My take on it after reading and playing the Gameday event is that if you were avoiding 4E because of what they did to the classes, particularly the martial ones, this may be the game for you.
The mage and warpriest definitely "feel" different and have far more options than the knight, slayer and thief. As an example, none of the martial classes have burst attacks, so multi-attack is exclusively the domain of the spellcasters (with the exception of cleave)--at least as far as I saw. Similarly, movement effects are much less common for martial characters, the occasional push or very minor slide.

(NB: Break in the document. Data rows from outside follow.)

Lemma weval_ncl (S : word rho -> Prop) : (forall x, S x -> weval x = one) ->
  forall w, ncl S w -> weval w = one.
Proof.
move=> HS w; elim=> {w}.
- exact: HS.
- by [].
- by move=> x y _ Hx _ Hy; rewrite weval_cat Hx Hy grp_mul1g.
- by move=> x _ Hx; rewrite weval_winv Hx grp_inv1.
- by move=> g x _ Hx; rewrite !weval_cat Hx grp_mul1g // weval_winv grp_mulgV.
- by move=> x y Hxy _ Hx; rewrite -(weval_freeq Hxy).
Qed.

Lemma weval_walk_potential (h : {set 'I_n} -> G) :
    (forall a, f a = mul (h (src a)) (inv (h (tgt a)))) ->
  forall x w y, walk x w y -> weval w = mul (h x) (inv (h y)).
Proof.
move=> fh x w; elim: w x => [|[a e] s IH] x y /=; first by move/eqP ->; rewrite grp_mulgV.
case/andP => /eqP <- /IH ->; rewrite grp_mulA; congr (mul _ _).
by case: e; rewrite /leval /= fh ?grp_invM ?grp_invK grp_mulgVK.
Qed.

(* Potentials are built along walks from the root of each connected component. *)
Lemma closed_walks_potential : (forall x w, walk x w x -> weval w = one) ->
  exists h : {set 'I_n} -> G, forall a, f a = mul (h (src a)) (inv (h (tgt a))).
Proof.
move=> Hclosed; have csym := sym_connect_sym (@adjacent_sym n rho).
have rootW A : exists w : word rho, walk (root (@adjacent n rho) A) w A.
  by apply: connect_adjacent_walk; rewrite csym connect_root.
pose W A := xchoose (rootW A).
exists (fun A => inv (weval (W A))) => a.
have Hr : root (@adjacent n rho) (src a) = root (@adjacent n rho) (tgt a).
  by apply/(rootP csym)/connect1/existsP; exists a; rewrite !eqxx.
have Hw : walk (root (@adjacent n rho) (src a)) (W (src a) ++ pos a :: winv (W (tgt a)))
               (root (@adjacent n rho) (src a)).
  apply: walk_cat (xchooseP (rootW _)) _.
  by rewrite /= /lstart /lfinish /= eqxx Hr; exact/walk_winv/(xchooseP (rootW _)).
move: (Hclosed _ _ Hw); rewrite weval_cat /= weval_winv => /grp_invE ->.
by rewrite grp_invK grp_mulgVK.
Qed.

End Evaluation.

Section TransitiveFunctions.
Variables (n : nat) (rho : rel 'I_n).
Hypotheses (rho_refl : reflexive rho) (rho_trans : transitive rho).
Variable u : 'I_n -> 'I_n -> G.
Hypothesis u_trans : forall i j r, rho i j -> rho j r -> mul (u i j) (u j r) = u i r.
Local Notation cls := (cls rho).
Local Notation cls_rep := (cls_rep rho).

Lemma transitive_fun_id i : u i i = one.
Proof. by rewrite -[LHS](grp_mulKg (u i i)) u_trans // grp_mulVg. Qed.

Definition cls_fun (A B : {set 'I_n}) : G :=
  if ([pick x in A], [pick y in B]) is (Some x, Some y) then u x y else one.

Definition arrow_fun (a : arrow rho) := cls_fun (src a) (tgt a).

Lemma cls_fun_cls i j : cls_fun (cls i) (cls j) = u (cls_rep i) (cls_rep j).
Proof. by rewrite /cls_fun !cls_pick. Qed.

Lemma cls_fun_trans A B C : cle rho A B -> cle rho B C ->
  mul (cls_fun A B) (cls_fun B C) = cls_fun A C.
Proof.
case/cleP => i [j [-> -> Hij]] /cleP [j' [k [Ej -> Hjk]]].
case: (cls_eq_rho rho_refl rho_trans Ej) => Hjj' _; rewrite !cls_fun_cls.
by apply: u_trans; apply: rho_cls_rep => //; exact: rho_trans Hjj' Hjk.
Qed.

Lemma weval_dpath_arrow_fun a p : path (@linked n rho) a p ->
  weval arrow_fun (map (@pos n rho) (a :: p)) = cls_fun (src a) (tgt (last a p)).
Proof.
elim: p a => [|b p IH] a; first by rewrite /= grp_mulg1.
rewrite [path _ _ _]/= => /andP [/eqP Eab Hp].
have -> : weval arrow_fun (map (@pos n rho) [:: a, b & p])
  = mul (arrow_fun a) (weval arrow_fun (map (@pos n rho) (b :: p))) by [].
rewrite IH // -Eab.
apply: cls_fun_trans; first exact: clt_cle (arrow_clt a).
by rewrite Eab; exact: clt_cle (dpath_clt rho_refl rho_trans Hp).
Qed.

Lemma weval_Agen_arrow_fun x : Agen x -> weval arrow_fun x = one.
Proof.
case=> a [p [b [q [Hp Hq Es Et ->]]]].
by rewrite weval_cat weval_winv !weval_dpath_arrow_fun // Es Et grp_mulgV.
Qed.

Lemma transitive_fun_trivial (h : {set 'I_n} -> G) :
    (forall a, arrow_fun a = mul (h (src a)) (inv (h (tgt a)))) ->
  exists g : 'I_n -> G, forall i j, rho i j -> u i j = mul (g i) (inv (g j)).
Proof.
move=> fh.
have uh i j : rho i j -> u (cls_rep i) (cls_rep j) = mul (h (cls i)) (inv (h (cls j))).
  move=> Hij; have [Hji|Hji] := boolP (rho j i).
    have Eij := cls_eq rho_refl rho_trans Hij Hji.
    by rewrite (cls_rep_eq rho_refl Eij) Eij transitive_fun_id grp_mulgV.
  have ltij : clt rho (cls i) (cls j) by rewrite clt_cls // Hij.
  case: (clt_hasse_path rho_refl rho_trans ltij) => a [p [Hp Ea Eb]].
  rewrite -cls_fun_cls -Ea -Eb -weval_dpath_arrow_fun //.
  exact: weval_walk_potential fh _ _ _ (dpath_walk Hp).
exists (fun i => mul (u i (cls_rep i)) (h (cls i))) => i j Hij.
case/andP: (cls_rep_rho rho_refl i) => Hir _; case/andP: (cls_rep_rho rho_refl j) => Hjr _.
rewrite grp_invM -!grp_mulA (grp_mulA (h (cls i))) -uh // grp_mulA.
by rewrite u_trans ?rho_cls_rep // -(u_trans Hij Hjr) grp_mulgK.
Qed.

End TransitiveFunctions.
End AbstractGroup.

Section Quotient.
Variables (n : nat) (rho : rel 'I_n) (S : word rho -> Prop).
Local Notation word := (word rho).

Definition eqmod (x y : word) := ncl S (x ++ winv y).

Lemma eqmod_refl x : eqmod x x.
Proof. exact/ncl_freeq_nil/freeq_catV. Qed.

Lemma eqmod_sym x y : eqmod x y -> eqmod y x.
Proof. by move/ncl_inv; rewrite /eqmod winv_cat winvK. Qed.

Lemma eqmod_trans x y z : eqmod x y -> eqmod y z -> eqmod x z.
Proof.
move=> Hxy Hyz; apply: ncl_freeq (ncl_mul Hxy Hyz).
by have := freeq_ctx x (winv z) (freeq_Vcat y); rewrite -!catA.
Qed.

Lemma eqmod_cat x x' y y' : eqmod x x' -> eqmod y y' -> eqmod (x ++ y) (x' ++ y').
Proof.
move=> Hx Hy; apply: ncl_freeq (ncl_mul (ncl_conj x Hy) Hx).
have := freeq_ctx (x ++ y ++ winv y') (winv x') (freeq_Vcat x).
by rewrite /eqmod winv_cat -!catA.
Qed.

Lemma eqmod_winv x y : eqmod x y -> eqmod (winv x) (winv y).
Proof.
move/eqmod_sym/(ncl_conj (winv x)); apply: ncl_freeq.
have := freeq_ctx (winv x ++ y) [::] (freeq_Vcat x).
by rewrite /eqmod !winvK !cats0 -!catA.
Qed.

Definition quot := {P : word -> Prop | exists w, P = eqmod w}.
Definition qclass (w : word) : quot := exist _ (eqmod w) (ex_intro _ w erefl).

Lemma quot_eq (P R : quot) : sval P = sval R -> P = R.
Proof. by case: P R => [p hp] [r hr] /= Epr; subst r; rewrite (proof_irrelevance _ hp hr). Qed.

Lemma qclass_eq x y : eqmod x y -> qclass x = qclass y.
Proof.
move=> Hxy; apply: quot_eq; apply: functional_extensionality => z.
apply: propositional_extensionality; split; last exact: eqmod_trans.
exact: eqmod_trans (eqmod_sym Hxy).
Qed.

Lemma qclass_eqmod x y : qclass x = qclass y -> eqmod x y.
Proof. by move/(f_equal (fun P : quot => sval P y)) => /= ->; exact: eqmod_refl. Qed.

Lemma quot_class (P : quot) : exists w, P = qclass w.
Proof. by case: P => p [w Ew]; exists w; apply: quot_eq. Qed.

Lemma eqmod_cat_class x z :
  (fun y => exists x' z', [/\ eqmod x x', eqmod z z' & eqmod (x' ++ z') y]) = eqmod (x ++ z).
Proof.
apply: functional_extensionality => y; apply: propositional_extensionality; split.
  by case=> x' [z' [Hx Hz Hy]]; exact: eqmod_trans (eqmod_cat Hx Hz) Hy.
by move=> Hy; exists x, z; split => //; exact: eqmod_refl.
Qed.

Lemma eqmod_winv_class x : (fun y => exists x', eqmod x x' /\ eqmod (winv x') y) = eqmod (winv x).
Proof.
apply: functional_extensionality => y; apply: propositional_extensionality; split.
  by case=> x' [Hx Hy]; exact: eqmod_trans (eqmod_winv Hx) Hy.
by move=> Hy; exists x; split => //; exact: eqmod_refl.
Qed.

Lemma qmul_subproof (P R : quot) :
  exists w, (fun y => exists x' z', [/\ sval P x', sval R z' & eqmod (x' ++ z') y]) = eqmod w.
Proof.
case: (quot_class P) => x ->; case: (quot_class R) => z ->.
by exists (x ++ z); exact: eqmod_cat_class.
Qed.

Lemma qinv_subproof (P : quot) :
  exists w, (fun y => exists x', sval P x' /\ eqmod (winv x') y) = eqmod w.
Proof. by case: (quot_class P) => x ->; exists (winv x); exact: eqmod_winv_class. Qed.

Definition qmul (P R : quot) : quot := exist _ _ (qmul_subproof P R).
Definition qinv (P : quot) : quot := exist _ _ (qinv_subproof P).
Definition qone : quot := qclass [::].

Lemma qmul_class x z : qmul (qclass x) (qclass z) = qclass (x ++ z).
Proof. exact/quot_eq/eqmod_cat_class. Qed.

Lemma qinv_class x : qinv (qclass x) = qclass (winv x).
Proof. exact/quot_eq/eqmod_winv_class. Qed.

Lemma quot_is_group : is_group qmul qone qinv.
Proof.
split.
- move=> P R T; case: (quot_class P) => x ->; case: (quot_class R) => y ->.
  by case: (quot_class T) => z ->; rewrite !qmul_class catA.
- by move=> P; case: (quot_class P) => x ->; rewrite qmul_class.
- move=> P; case: (quot_class P) => x ->; rewrite qinv_class qmul_class.
  by apply: qclass_eq; apply: ncl_freeq_nil; rewrite cats0; exact: freeq_Vcat.
Qed.

Lemma weval_qclass w :
  weval qmul qone qinv (fun a => qclass [:: pos a]) w = qclass w.
Proof.
elim: w => [//|[a e] s IH]; rewrite /= IH.
by case: e; rewrite /leval /= ?qinv_class qmul_class.
Qed.

End Quotient.

Section Equivalences.
Variables (n : nat) (rho : rel 'I_n).
Hypotheses (rho_refl : reflexive rho) (rho_trans : transitive rho).
Local Notation word := (word rho).
Local Notation arrow := (arrow rho).
Local Notation cls := (cls rho).
Local Notation clt := (clt rho).
Local Notation linked := (@linked n rho).
Local Notation pos := (@pos n rho).
Local Notation Agen := (@Agen n rho).
Local Notation Bgen := (@Bgen n rho).

Definition transitive_functions_trivial : Prop :=
  forall (G : Type) (mul : G -> G -> G) (one : G) (inv : G -> G), is_group mul one inv ->
  forall u : 'I_n -> 'I_n -> G,
    (forall i j r, rho i j -> rho j r -> mul (u i j) (u j r) = u i r) ->
  exists g : 'I_n -> G, forall i j, rho i j -> u i j = mul (g i) (inv (g j)).

Definition ncl_Agen_eq_Bgen : Prop := forall w : word, ncl Agen w <-> ncl Bgen w.
(* The free flows are compatible with the projections: pushing the flow of a
   finer lattice [m] down to [l], the shifts [2 t d_p v_p] of the pieces [p] of
   an edge [e] add up to [2 t d_e] times the length-weighted average momentum,
   i.e. to the shift of [e].  So the [Phi^l_t] assemble to a flow [Phi_inf t] on
   [X^oo], and [tau_t F := F \o Phi_inf t].  It preserves [A_0^oo] because
   [Phi^l_t] pulls generators back to generators: the phase
   [e^{2 pi i b.q}] picks up [e^{2 pi i b.(2 t d v)}], which is absorbed into the
   momentum frequency [xi_e + 4 pi t d_e b_e]; and precomposition commutes with
   linear spans and with sup-norm closures. *)

Set Implicit Arguments.
Unset Strict Implicit.
Unset Printing Implicit Defensive.
Import Order.TTheory GRing.Theory Num.Theory.
Local Open Scope ring_scope.
Local Open Scope complex_scope.

Section IntegerRows.
Variables (R : realType) (k : nat).

Definition int_rV : {pred 'rV[R]_k} := [pred x : 'rV[R]_k | [forall i, x 0 i \is a Num.int]].

Lemma int_rV_zmod_closed : zmod_closed int_rV.
Proof.
split; first by apply/forallP => i; rewrite mxE.
by move=> x y /forallP hx /forallP hy; apply/forallP => i; rewrite !mxE rpredB.
Qed.

HB.instance Definition _ := GRing.isZmodClosed.Build _ int_rV int_rV_zmod_closed.

End IntegerRows.

Arguments int_rV {R k}.

Section Torus.
Variables (R : realType) (n : nat).
Implicit Types x y w : 'rV[R]_n.

Lemma val_tprojB x : val (tproj x) - x \in int_rV.
Proof.
apply/forallP => i; rewrite !mxE /Defs.frac.
by rewrite addrAC subrr add0r rpredN intr_int.
Qed.

Lemma tproj_eq x y : x - y \in int_rV -> tproj x = tproj y.
Proof.
move=> /forallP hxy; apply: val_inj; apply/matrixP => i j; rewrite !mxE (ord1 i).
have := hxy j; rewrite !mxE intrEfloor => /eqP hj.
have -> : x 0 j = y 0 j + (x 0 j - y 0 j) by rewrite addrC subrK.
rewrite /Defs.frac -hj; set z := Num.floor _.
by rewrite floorDrz ?intr_int // intrKfloor intrD opprD addrACA subrr addr0.
Qed.

Lemma tadd_tproj x w : tadd (tproj x) w = tproj (x + w).
Proof. by apply: tproj_eq; rewrite opprD addrACA subrr addr0 val_tprojB. Qed.

End Torus.

Section FlowProjection.
Variables (R : realType) (n D : nat).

Martial Essentials characters will be spending most of their time making basic melee attacks, and can do quite a bit of damage with them. I suspect players who want to do a lot of HP damage and not much else will love them. A slayer fighter is a good class for someone who's new to the game and just learning the ropes: they're kind of fire and forget. The slayer in the game I played in was handled by a younger player who had never seen 4E before and he attacked it with gusto.
All of that taken together means you didn't like the "sameness" of 4E classes, will probably be a very good thing. Essentials classes are quite different from each other based on their power source, that is for sure.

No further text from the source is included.